Modern LLM agents often behave reactively: they decide actions from the current observation and short history, which can be brittle for long-horizon tasks. ITP addresses this by introducing a learned textual world model and an adaptive lookahead mechanism, enabling the agent to "mentally rehearse" possible futures before committing actions in the real environment.

🧠 POIMDP-Style Reasoning with Imagination

ITP treats decision making as reasoning with both the current observable state, and an imagined multi-step future trajectory produced by the world model. At each step, the agent can invoke the world model to simulate several steps ahead, then use that foresight to reflect on the progress, risks, and constraints, and finally output the action.

🧩 Two Instantiations: ITP-I and ITP-R

🔍 ITP-I (In-Imagination Learning, Training-free)

ITP-I enhances an LLM agent at inference time without parameter updates. The agent follows a three-stage Imagine-then-Plan procedure at each step:

  1. Adaptive horizon selection: decide how many steps to look ahead (K) based on the task and current situation.
  2. World-model imagination: roll out K steps to obtain a foresight trajectory.
  3. Reflect-then-act: reflect on the foresight (progress, risks, constraints) and then output the real action.

🧪 ITP-R (Reinforcement-trained, Adaptive Lookahead Learning)

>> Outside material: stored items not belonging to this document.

Lemma vmax_relaxation t h c : 0 <= t -> 0 < h -> (forall s, t <= s <= t + h -> vmax (s - tau) <= c) ->
  vmax (t + h) <= exp (- h) * vmax t + (1 - exp (- h)) * c.
Proof.
  intros Ht Hh Hc.
  pose proof (exp_pos (- h)). pose proof (exp_neg_le_1 h ltac:(lra)).
  assert (Hc0 : 0 <= c) by (pose proof (Hc t ltac:(lra)); pose proof (vmax_nonneg (t - tau) ltac:(lra)); lra).
  pose proof (vmax_nonneg t ltac:(lra)).
  apply vmax_le; [lra|].
  apply (cont_on_closure_le (fun y => vnorm (v (t + h) y))); [apply cont_on_vnorm, v_cont_space; lra|].
  intros x Hx. apply vnorm_le_of_unit_vdot; [nra|]. intros e He.
  eapply Rle_trans; [apply (v_vdot_relaxation x e t h c Hx He Ht Hh)|].
  - intros s Hs. apply vel_avg_le; auto; [lra|]. intros y Hy.
    eapply Rle_trans; [apply vdot_unit_le_vnorm; auto|]. eapply Rle_trans; [apply vmax_ub; auto; lra|]. apply Hc; lra.
  - apply Rplus_le_compat_r. apply Rmult_le_compat_l; [lra|].
    eapply Rle_trans; [apply vdot_unit_le_vnorm; auto|]. apply vmax_ub; [lra|apply closure_incl; auto].
Qed.

Lemma vmax_cont t0 : -tau <= t0 -> forall ep, 0 < ep -> exists dl, 0 < dl /\
  forall t, -tau <= t -> Rabs (t - t0) < dl -> Rabs (vmax t - vmax t0) < ep.
Proof.
  intros Ht0 ep Hep. destruct (v_equicont_time t0 Ht0 (ep/2) ltac:(lra)) as [dl [Hdl H]].
  exists dl; split; auto. intros t Ht Htt.
  assert (A1 : vmax t <= vmax t0 + ep / 2).
  { apply vmax_le; auto. intros y Hy. pose proof (H t Ht Htt y Hy). pose proof (vmax_ub t0 y Ht0 Hy).
    pose proof (Rabs_vnorm_sub_le (v t y) (v t0 y)). apply Rabs_le_between in H2. lra. }
  assert (A2 : vmax t0 <= vmax t + ep / 2).
  { apply vmax_le; auto. intros y Hy. pose proof (H t Ht Htt y Hy). pose proof (vmax_ub t y Ht Hy).
    pose proof (Rabs_vnorm_sub_le (v t y) (v t0 y)). apply Rabs_le_between in H2. lra. }
  apply Rabs_def1; lra.
Qed.

Definition R_V := RV tau K v.

Lemma R_V_lub : is_lub (fun r => exists s x, -tau <= s <= 0 /\ K x /\ r = vnorm (v s x)) R_V.
Proof.
  apply Rsup_is_lub.
  - destruct domain_nonempty as [x0 Hx0]. exists (vnorm (v 0 x0)). exists 0, x0. split; [lra|]. split; auto. apply closure_incl; auto.
  - exists Bv. intros r [s [x [Hs [Hx ->]]]]. apply HBv; auto.
Qed.

Lemma R_V_ub s x : -tau <= s <= 0 -> K x -> vnorm (v s x) <= R_V.
Proof. intros Hs Hx. apply (is_lub_ub _ _ _ R_V_lub). exists s, x; auto. Qed.

Lemma R_V_nonneg : 0 <= R_V.
Proof.
  destruct domain_nonempty as [x0 Hx0]. apply Rle_trans with (vnorm (v 0 x0)); [apply vnorm_nonneg|].
  apply (R_V_ub 0 x0); [lra|apply closure_incl; auto].
Qed.

Lemma vmax_hist s : -tau <= s <= 0 -> vmax s <= R_V.
Proof. intro Hs. apply vmax_le; [lra|]. intros y Hy. apply R_V_ub; auto. Qed.

(* Maximum principle: the velocity relaxes towards a weighted average of delayed velocities,
   so sup_x |v_t x| never exceeds its value R_V on the initial history. *)
Lemma vnorm_v_le_R_V t x : -tau <= t -> K x -> vnorm (v t x) <= R_V.
Proof.
  intros Ht Hx. destruct (Rle_dec t 0) as [Hn|Hp]; [apply R_V_ub; auto; lra|].
  eapply Rle_trans; [apply vmax_ub; eauto|].
  apply Rnot_lt_le. intro Hlt.
  set (ep := (vmax t - R_V) / 2).
  set (F := fun r => vmax (Rmax (-tau) r) - (R_V + ep)).
  assert (FE : forall r, -tau <= r -> F r = vmax r - (R_V + ep)) by (intros r Hr; unfold F; rewrite Rmax_right; auto).
  destruct (first_zero_crossing F t) as [T [HT [HFT HFl]]].
  - intro r. unfold F. apply continuity_pt_minus; [|apply continuity_pt_const; intros ? ?; auto].
    apply (continuity_pt_Rmax_clamp vmax (-tau) vmax_cont r).
  - rewrite FE by lra. pose proof (vmax_hist 0 ltac:(lra)). unfold ep. lra.
  - lra.
  - rewrite FE by lra. unfold ep. lra.
  - rewrite FE in HFT by lra.
    assert (Hc : forall s, 0 <= s <= 0 + T -> vmax (s - tau) <= R_V + ep).
    { intros s Hs. destruct (Rle_dec (s - tau) 0) as [Hs0|Hs0].
      - pose proof (vmax_hist (s - tau) ltac:(lra)). unfold ep. lra.
      - destruct (Rlt_le_dec (s - tau) T) as [Hs1|Hs1].
        + pose proof (HFl (s - tau) ltac:(lra)). rewrite FE in H by lra. lra.
        + replace (s - tau) with T by lra. lra. }
    pose proof (vmax_relaxation 0 T (R_V + ep) ltac:(lra) HT Hc). rewrite Rplus_0_l in H.
    pose proof (HFl 0 ltac:(lra)). rewrite FE in H0 by lra.
    pose proof (exp_pos (- T)).
    assert (exp (- T) * vmax 0 < exp (- T) * (R_V + ep)) by (apply Rmult_lt_compat_l; lra). lra.
Qed.
(* Let $X$ be a Fréchet space and let $(T(t))_{t\geqslant0}$ be an exponentially equicontinuous $C_0$-semigroup on $X$ with generator $(A,D(A))$. Then \[-\infty\leqslant \operatorname{s}(A)\leqslant\omega_0(T)<+\infty.\]
   Context: A Fréchet space is a complete metrizable locally convex space; $\operatorname{cs}(X)$ denotes its continuous seminorms, a fundamental system is a subset $\Gamma\subseteq\operatorname{cs}(X)$ generating the topology, and $L(X)$ is the space of continuous linear maps $X\to X$. A set of operators in $L(X)$ is equicontinuous if for every continuous seminorm $q$ there exist a continuous seminorm $p$ and $C\geqslant0$ with $q(Sx)\leqslant Cp(x)$ for all operators $S$ in the set and all $x\in X$. A $C_0$-semigroup is a family $(T(t))_{t\geqslant0}\subseteq L(X)$ with $T(0)=\mathrm{id}_X$, $T(t+s)=T(t)T(s)$ for all $t,s\geqslant0$, and $t\mapsto T(t)x$ continuous on $[0,\infty)$ for every $x\in X$. It is exponentially equicontinuous of order $\omega\in\mathbb{R}$ if $\{e^{-\omega t}T(t)\}_{t\geqslant0}$ is equicontinuous, and exponentially equicontinuous if this holds for some $\omega\in\mathbb{R}$. The growth bound $\omega_0(T)$ is the infimum of all $\omega\in\mathbb{R}$ such that $\{e^{-\omega t}T(t)\}_{t\geqslant0}$ is equicontinuous. The generator is $Ax=\lim_{t\searrow0}\frac{T(t)x-x}{t}$ on $D(A)=\{x\in X: \lim_{t\searrow0}\frac{T(t)x-x}{t}\text{ exists}\}$. Let $L(X)_0$ denote the set of $B\in L(X)$ for which there is $\mu\in\mathbb{C}\setminus\{0\}$ such that $\{(\mu B)^n\}_{n\in\mathbb{N}_0}$ is equicontinuous (equivalently, bounded in the topology of uniform convergence on bounded sets). For a linear operator $A\colon D(A)\to X$ with $D(A)\subseteq X$ a linear subspace, put $\delta_A=\{\infty\}$ if $D(A)=X$ and $A\in L(X)_0$, and $\delta_A=\varnothing$ otherwise. The resolvent set is $\rho(A)=\{\lambda\in\mathbb{C}: \lambda-A\colon D(A)\to X\text{ is bijective and }R(\lambda,A)=(\lambda-A)^{-1}\in L(X)_0\}\cup\delta_A$, the spectrum is $\sigma(A)=(\mathbb{C}\cup\{\infty\})\setminus\rho(A)$, and the spectral bound is $\operatorname{s}(A)=\sup\{\operatorname{Re}\lambda:\lambda\in\sigma(A)\cap\mathbb{C}\}$ (with $\sup\varnothing=-\infty$). *)

From HB Require Import structures.
From mathcomp Require Import all_boot all_order all_algebra.
From mathcomp Require Import all_classical all_reals.
From mathcomp Require Import all_analysis.
From mathcomp Require Import complex.

Set Implicit Arguments.
Unset Strict Implicit.
Unset Printing Implicit Defensive.

Import Order.TTheory GRing.Theory Num.Theory.
Local Open Scope ring_scope.
Local Open Scope classical_set_scope.

Section FrechetDefs.
Variable R : realType.
Variable X : lmodType R[i].

Definition seminorm (q : X -> R) : Prop :=
  (forall x, 0 <= q x) /\
  (forall x y, q (x + y) <= q x + q y) /\
  (forall (a : R[i]) x, q (a *: x) = Normc.normc a * q x).
(* In the setting of the context, let $\hat\theta,\hat\xi$ be perturbed parameters satisfying $\|\hat\theta_i-\theta_i\|_2\le\min\{\sigma_\theta,\frac{1}{2\kappa_\theta},\frac{\rho}{2\kappa_\theta B}\}$ for all $1\le i\le L$ and $\|\hat\xi_i-\xi_i\|_2\le\min\{\sigma_\xi,\frac{\sigma_h}{2\kappa_\xi B},\frac{\rho}{4B\kappa_h\kappa_\xi},\frac{1}{4\kappa_h\kappa_\xi}\}$ for all $0\le i\le L-1$. Fix $1\le i\le L$ and suppose that for all $0\le j<i$ and all $x\in\mathcal{X}$: $\tilde h_j(x,\hat\theta,\hat\xi_{(j-1)})=h_j(x,\theta)$ and $\|g_j(x,\hat\theta,\hat\xi)-h_j(x,\theta)\|_2\le\min\{B,\rho\}$. Then for all $x\in\mathcal{X}$, $\|g_i(x,\hat\theta,\hat\xi)-h_i(x,\theta)\|_2\le\min\{B,\rho\}$, and if moreover $i\le L-1$, then $\tilde h_i(x,\hat\theta,\hat\xi_{(i-1)})=h_i(x,\theta)$.
   Context: Architecture: layer functions $f_0:\mathcal{X}\times\Theta_0\to\mathbb{R}^d$, $f_i:(\mathbb{R}^d)^i\times\Theta_i\to\mathbb{R}^d$ for $1\le i<L$, $f_L:(\mathbb{R}^d)^L\times\Theta_L\to\mathbb{R}$; $\theta=(\theta_0,\dots,\theta_L)$; $h_0(x,\theta)=f_0(x,\theta_0)$, $h_i(x,\theta)=f_i(h_0(x,\theta),\dots,h_{i-1}(x,\theta),\theta_i)$. Correction functions: $c_0,\dots,c_{L-1}:\mathbb{R}^d\times\Xi_i\to\mathbb{R}^d$ with parameters $\xi=(\xi_0,\dots,\xi_{L-1})$ have radius $\rho$ if for all $0\le i\le L-1$, $x\in\mathcal{X}$ and $\hat h\in\mathbb{R}^d$ with $\|\hat h-h_i(x,\theta)\|_2\le\rho$, $c_i(\hat h,\xi_i)=h_i(x,\theta)$; we assume $c_i,\xi$ have radius $\rho$. Corrected model: $g_0(x,\theta,\xi)=f_0(x,\theta_0)$; $\tilde h_i(x,\theta,\xi)=c_i(g_i(x,\theta,\xi),\xi_i)$ for $0\le i\le L-1$; $g_i(x,\theta,\xi)=f_i(\tilde h_0(x,\theta,\xi),\dots,\tilde h_{i-1}(x,\theta,\xi),\theta_i)$ for $1\le i\le L$. Partially perturbed correction parameters: $\hat\xi_{(j)}=(\hat\xi_0,\dots,\hat\xi_j,\xi_{j+1},\dots,\xi_{L-1})$, with $\hat\xi_{(-1)}=\xi$. Norm on tuples: $|||(v_1,\dots,v_i)|||=\max_j\|v_j\|_2$. Niceness: $f(\cdot,\theta)$ is $(\kappa_\theta,\kappa_h,\sigma_h,\sigma_\theta)$-nice on a set $\mathcal{H}$ if for all $\hat\theta$ with $\|\theta-\hat\theta\|_2\le\sigma_\theta$ and all $h\in\mathcal{H}$: $\|f(h,\theta)-f(h,\hat\theta)\|_2\le\kappa_\theta\|\theta-\hat\theta\|_2\max\{|||h|||,1\}$, and for all $\hat h$ with $|||h-\hat h|||\le\sigma_h$: $\|f(h,\hat\theta)-f(\hat h,\hat\theta)\|_2\le\kappa_h|||h-\hat h|||$. Assumptions: for each $i\ge1$, $f_i(\cdot,\theta_i)$ is $(\kappa_\theta,\kappa_h,\sigma_h,\sigma_\theta)$-nice on $\{(h_0(x,\theta),\dots,h_{i-1}(x,\theta)):x\in\mathcal{X}\}$; for each $i$, $\|c_i(h,\xi_i)-c_i(h,\hat\xi)\|_2\le\kappa_\xi\max\{\|h\|_2,1\}\|\xi_i-\hat\xi\|_2$ for all $h\in\mathbb{R}^d$ and $\|\xi_i-\hat\xi\|_2\le\sigma_\xi$; and $\max\{\|h_i(x,\theta)\|_2,1\}\le B$ for all $0\le i\le L$, $x\in\mathcal{X}$. *)

From HB Require Import structures.
From mathcomp Require Import all_boot all_order all_algebra.
Set Implicit Arguments. Unset Strict Implicit. Unset Printing Implicit Defensive.
Import Order.TTheory GRing.Theory Num.Theory.
Local Open Scope ring_scope.

Section Defs.
Variable R : rcfType.

Definition norm2 (n : nat) (v : 'rV[R]_n) : R :=
  Num.sqrt (\sum_(k < n) v 0 k ^+ 2).

Definition tnorm (d : nat) (s : seq 'rV[R]_d) : R :=
  \big[Num.max/0]_(v <- s) norm2 v.

Definition tsub (d : nat) (s t : seq 'rV[R]_d) : seq 'rV[R]_d :=
  [seq pr.1 - pr.2 | pr <- zip s t].

Definition vdist (d : nat) (a b : 'rV[R]_d) : R := norm2 (a - b).
Definition rdist (a b : R) : R := `|a - b|.

Definition nice (d p : nat) (T : Type) (dist : T -> T -> R)
    (F : seq 'rV[R]_d -> 'rV[R]_p -> T) (th : 'rV[R]_p)
    (kth kh sh sth : R) (H : seq 'rV[R]_d -> Prop) : Prop :=
  forall thh : 'rV[R]_p, norm2 (th - thh) <= sth ->
  forall hs, H hs ->
    dist (F hs th) (F hs thh) <= kth * norm2 (th - thh) * Num.max (tnorm hs) 1 /\
    (forall hh : seq 'rV[R]_d, size hh = size hs ->
       tnorm (tsub hs hh) <= sh ->
       dist (F hs thh) (F hh thh) <= kh * tnorm (tsub hs hh)).

Variables (X : Type) (d L : nat) (p q : nat -> nat).
Variable f0 : X -> 'rV[R]_(p 0%N) -> 'rV[R]_d.
Variable f : forall i : nat, seq 'rV[R]_d -> 'rV[R]_(p i) -> 'rV[R]_d.
Variable fL : seq 'rV[R]_d -> 'rV[R]_(p L) -> R.
Variable c : forall i : nat, 'rV[R]_d -> 'rV[R]_(q i) -> 'rV[R]_d.

Definition layer (x : X) (th : forall i, 'rV[R]_(p i)) (n : nat)
    (s : seq 'rV[R]_d) : 'rV[R]_d :=
  match n with
  | 0 => f0 x (th 0%N)
  | n'.+1 => @f n'.+1 s (th n'.+1)
  end.

Fixpoint hseq (x : X) (th : forall i, 'rV[R]_(p i)) (n : nat) : seq 'rV[R]_d :=
  match n with
  | 0 => [::]
  | n'.+1 => rcons (hseq x th n') (layer x th n' (hseq x th n'))
  end.

Definition hval (x : X) (th : forall i, 'rV[R]_(p i)) (i : nat) : 'rV[R]_d :=
  layer x th i (hseq x th i).

Definition hL (x : X) (th : forall i, 'rV[R]_(p i)) : R :=
  fL (hseq x th L) (th L).

Fixpoint htseq (x : X) (th : forall i, 'rV[R]_(p i)) (xi : forall i, 'rV[R]_(q i))
    (n : nat) : seq 'rV[R]_d :=
  match n with
  | 0 => [::]
  | n'.+1 => rcons (htseq x th xi n')
                   (@c n' (layer x th n' (htseq x th xi n')) (xi n'))
  end.
(* Let $m\ge 1$ be an integer, $\Gamma_1,\Gamma_2$ co-prime integers with $1<\Gamma_1<\Gamma_2$, $m_1=m\Gamma_1$, $m_2=m\Gamma_2$, and $\sigma_1=|\Gamma_2|_{\Gamma_1}\ge 2$. Let $N$ be an integer with $0\le N< m_1\left(1+\lfloor m_2/m_1\rfloor\lfloor m_1/|m_2|_{m_1}\rfloor\right)$, write $N=n_im_i+r_i$ with $0\le r_i<m_i$ ($i=1,2$), and let $\tilde r_1,\tilde r_2$ be erroneous remainders with errors $\Delta r_i=\tilde r_i-r_i$ satisfying $-\sigma_1/2\le (\Delta r_1-\Delta r_2)/m<\sigma_1/2$. Let $\mathbf q_{21}=(\tilde r_1-\tilde r_2)/m$ and suppose $\mathbf q_{21}<-\sigma_1/2$. If $$\frac{\sigma_1}{2}\le \mathbf q_{21}-\left\lfloor\frac{\mathbf q_{21}}{\Gamma_1}\right\rfloor\Gamma_1<\left\lfloor\frac{\Gamma_1}{\sigma_1}\right\rfloor\sigma_1-\frac{\sigma_1}{2},$$ then $1\le n_2\le \lfloor\Gamma_1/\sigma_1\rfloor-1$; otherwise $n_2=0$.
   Context: $|a|_b$ denotes the remainder of the integer $a$ modulo the positive integer $b$ (in $[0,b)$). Erroneous remainders are integers $\tilde r_i$ with $0\le \tilde r_i<m_i$. *)

From HB Require Import structures.
From mathcomp Require Import all_boot all_order all_algebra.
Set Implicit Arguments. Unset Strict Implicit. Unset Printing Implicit Defensive.

(* The residues satisfy r1 - r2 = m (n2 G2 - n1 G1), so writing G2 = k G1 + sigma1 the observed
   quantity q21 equals n2 sigma1 + e modulo G1, where e is the normalized residue error,
   |e| <= sigma1/2.  The hypothesis q21 < -sigma1/2 forces n2 G2 < n1 G1, and together with the
   bound on N this gives n2 < L := floor (G1 / sigma1).  Hence n2 sigma1 + e lies in
   [-sigma1/2, G1 - sigma1/2): its remainder modulo G1 is n2 sigma1 + e itself, except when
   n2 = 0 and e < 0, where it is G1 + e >= L sigma1 - sigma1/2.  The window
   [sigma1/2, L sigma1 - sigma1/2) therefore contains the remainder exactly when n2 >= 1. *)

From HB Require Import structures.
From mathcomp Require Import all_boot all_order all_algebra.
From mathcomp Require Import ring lra zify.
Set Implicit Arguments. Unset Strict Implicit. Unset Printing Implicit Defensive.
Import Order.TTheory GRing.Theory Num.Theory.
Local Open Scope ring_scope.

Section FlooredModulo.

Variable R : archiRealFieldType.

Definition fmod (q G : R) : R := q - (Num.floor (q / G))%:~R * G.

Lemma fmod_small (q G : R) : 0 <= q < G -> fmod q G = q.
Proof.
case/andP=> q_ge0 q_ltG; have G_gt0 : 0 < G by apply: le_lt_trans q_ltG.
rewrite /fmod; have -> : Num.floor (q / G) = 0.
  by apply: floor_def; rewrite add0r mulr0z ler_pdivlMr // ltr_pdivrMr // mul0r mul1r q_ge0.
by rewrite mul0r subr0.
Qed.

Lemma fmodDMz (q G : R) (c : int) : G != 0 -> fmod (q + c%:~R * G) G = fmod q G.
Proof.
move=> G_neq0; rewrite /fmod mulrDl mulfK // floorDrz ?intr_int // intrKfloor.
by rewrite intrD mulrDl opprD addrACA subrr addr0.
Qed.

(* For [n = 0] the residue is either [e < s/2] or [G + e >= L s - s/2]. *)
Lemma fmod_window_gt0 (s G e : R) (n L : nat) (c : int) :
  0 < s -> L%:R * s <= G -> (n < L)%N -> - (s / 2) <= e < s / 2 ->
  let x := fmod (n%:R * s + e + c%:~R * G) G in
  (s / 2 <= x < L%:R * s - s / 2) = (0 < n)%N.
Proof.
move=> s_gt0 LsG n_ltL /andP[e_ge e_lt] x.
have nsL : n%:R * s + s <= L%:R * s.
  by rewrite -[X in _ + X]mul1r -mulrDl ler_pM2r // natr1 ler_nat.
have nsG : n%:R * s + s <= G by apply: le_trans LsG.
have ns_ge0 : 0 <= n%:R * s by rewrite mulr_ge0 // ltW.
have G_neq0 : G != 0 by apply/lt0r_neq0; lra.
rewrite /x fmodDMz //.
have [->|n_gt0] := posnP n.
  rewrite mul0r add0r /=; have [e_ge0|e_lt0] := lerP 0 e.
    by rewrite fmod_small; [lra | apply/andP; lra].
  rewrite -[e](addrK G) -[- G]mulN1r -[-1]/((-1)%:~R) fmodDMz // fmod_small; last first.
    by apply/andP; lra.
  by apply/negbTE; apply/negP => /andP[_]; lra.
have n_ge1 : 1 <= n%:R :> R by rewrite ler1n.
have s_le_ns : s <= n%:R * s by rewrite ler_peMl // ltW.
by rewrite fmod_small; apply/andP; lra.
Qed.

End FlooredModulo.

Lemma residue_diff_div (R : numFieldType) (m a b N : nat) : (0 < m)%N ->
  ((N %% (m * a))%:R - (N %% (m * b))%:R) / m%:R
    = (N %/ (m * b))%:R * b%:R - (N %/ (m * a))%:R * a%:R :> R.
Proof.
move=> m_gt0; have m_neq0 : m%:R != 0 :> R by rewrite pnatr_eq0 -lt0n.
have modE d : (N %% (m * d))%:R = N%:R - (N %/ (m * d))%:R * (m%:R * d%:R) :> R.
  by rewrite {2}(divn_eq N (m * d)) natrD !natrM addrC addKr.
by rewrite !modE; field.
Qed.

Lemma quotient_lt_of_mul_lt (a b k L n1 n2 : nat) :
  (0 < a)%N -> (k * a <= b)%N -> (n1 <= k * L)%N -> (n2 * b < n1 * a)%N -> (n2 < L)%N.
Proof.
move=> a_gt0 kab n1kL n2n1; rewrite ltnNge; apply/negP => L_le_n2.
have : (L * k * a <= n2 * b)%N by rewrite -mulnA leq_mul.
have : (n1 * a <= k * L * a)%N by rewrite leq_mul2r n1kL orbT.
lia.
Qed.

Theorem lemma3 (m G1 G2 N rt1 rt2 : nat) :
  (1 <= m)%N -> (1 < G1)%N -> (G1 < G2)%N -> coprime G1 G2 ->
  (2 <= G2 %% G1)%N ->
  (N < (m * G1) * (1 + ((m * G2) %/ (m * G1)) * ((m * G1) %/ ((m * G2) %% (m * G1)))))%N ->
  (rt1 < m * G1)%N -> (rt2 < m * G2)%N ->
  let m1 := (m * G1)%N in
  let m2 := (m * G2)%N in
  let sigma1 := (G2 %% G1)%N in
  let r1 := (N %% m1)%N in
  let r2 := (N %% m2)%N in
  let n2 := (N %/ m2)%N in
  let dr1 : rat := rt1%:R - r1%:R in
  let dr2 : rat := rt2%:R - r2%:R in
  let q21 : rat := (rt1%:R - rt2%:R) / m%:R in
  - (sigma1%:R / 2) <= (dr1 - dr2) / m%:R < sigma1%:R / 2 ->
  q21 < - (sigma1%:R / 2) ->
  let x : rat := q21 - (Num.floor (q21 / G1%:R))%:~R * G1%:R in
  ((sigma1%:R / 2 <= x < ((G1 %/ sigma1)%N)%:R * sigma1%:R - sigma1%:R / 2) ->
     (1 <= n2 <= (G1 %/ sigma1) - 1)%N) /\
  (~ (sigma1%:R / 2 <= x < ((G1 %/ sigma1)%N)%:R * sigma1%:R - sigma1%:R / 2) ->
     n2 = 0%N).
Proof.
move=> m_gt0 G1_gt1 _ _ s_ge2 N_lt _ _ m1 m2 s r1 r2 n2 dr1 dr2 q21 e_bnd q21_lt x.
set n1 := (N %/ m1)%N; set k := (G2 %/ G1)%N; set L := (G1 %/ s)%N.
set e := (dr1 - dr2) / m%:R in e_bnd.
have q21E : q21 = (n2 * G2)%:R - (n1 * G1)%:R + e.
  by rewrite /q21 /e /dr1 /dr2 !natrM -residue_diff_div //; field; rewrite pnatr_eq0 -lt0n.
have n1_le : (n1 <= k * L)%N.
  have m1_gt0 : (0 < m1)%N by rewrite muln_gt0 m_gt0 ltnW.
  by move: N_lt; rewrite divnMl // -muln_modr divnMl // mulnC -ltn_divLR.
have n2_ltL : (n2 < L)%N.
  apply: (@quotient_lt_of_mul_lt G1 G2 k L n1 n2 _ _ n1_le); first exact: ltnW.
    by rewrite leq_divM.
  by rewrite -(ltr_nat rat) -subr_lt0; move: e_bnd; lra.
have q21_split : q21 = n2%:R * s%:R + e + ((n2 * k)%:Z - n1%:Z)%:~R * G1%:R.
  by rewrite q21E (divn_eq G2 G1) !natrM natrD natrM intrB; ring.
have Ls_le : L%:R * s%:R <= G1%:R :> rat by rewrite -natrM ler_nat leq_divM.
have s_gt0 : 0 < s%:R :> rat by rewrite ltr0n ltnW.
have window := fmod_window_gt0 ((n2 * k)%:Z - n1%:Z) s_gt0 Ls_le n2_ltL e_bnd.
rewrite -q21_split /= in window; have -> : x = fmod q21 G1%:R by [].
split => [|/negP]; rewrite window; last by rewrite -eqn0Ngt => /eqP.
by move=> n2_gt0; rewrite n2_gt0 subn1 -ltnS prednK // (leq_ltn_trans _ n2_ltL).
Qed.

ITP-R learns when and how long to imagine by adding a lightweight K-head predictor on top of the backbone LLM and training it with a three-stage pipeline:

  1. Pseudo-labeling horizons: derive training targets for K by selecting the most helpful lookahead depth under a cost trade-off.
  2. Warm-up training: jointly train the action policy (imitation) and the K-head predictor.
  3. Online A2C optimization: optimize the action policy + K-head predictor + value head online with actor–critic training while the world model is frozen.

🔧 Installation

1) Environment Setup (Recommended)

We recommend conda with Python 3.9+.

# Create a clean environment
conda create -n itp python=3.9 -y
conda activate itp

# (Optional) upgrade pip tooling
python -m pip install --upgrade pip setuptools wheel

2) Install Python Packages

# From the repository root
pip install -r requirements.txt

# (Recommended) install as editable for local development
pip install -e .

▶️ Usage

🧠 World Model Training

conda activate <ENV_WITH_DEEPSPEED>

export MODEL_PATH="path/to/base_lm"
export DATA_PATH="path/to/wm_train.jsonl"
export OUTPUT_DIR="outputs/wm_run"
export DS_CONFIG="world_model/base_tuning/config/deepspeed_config_s2.json"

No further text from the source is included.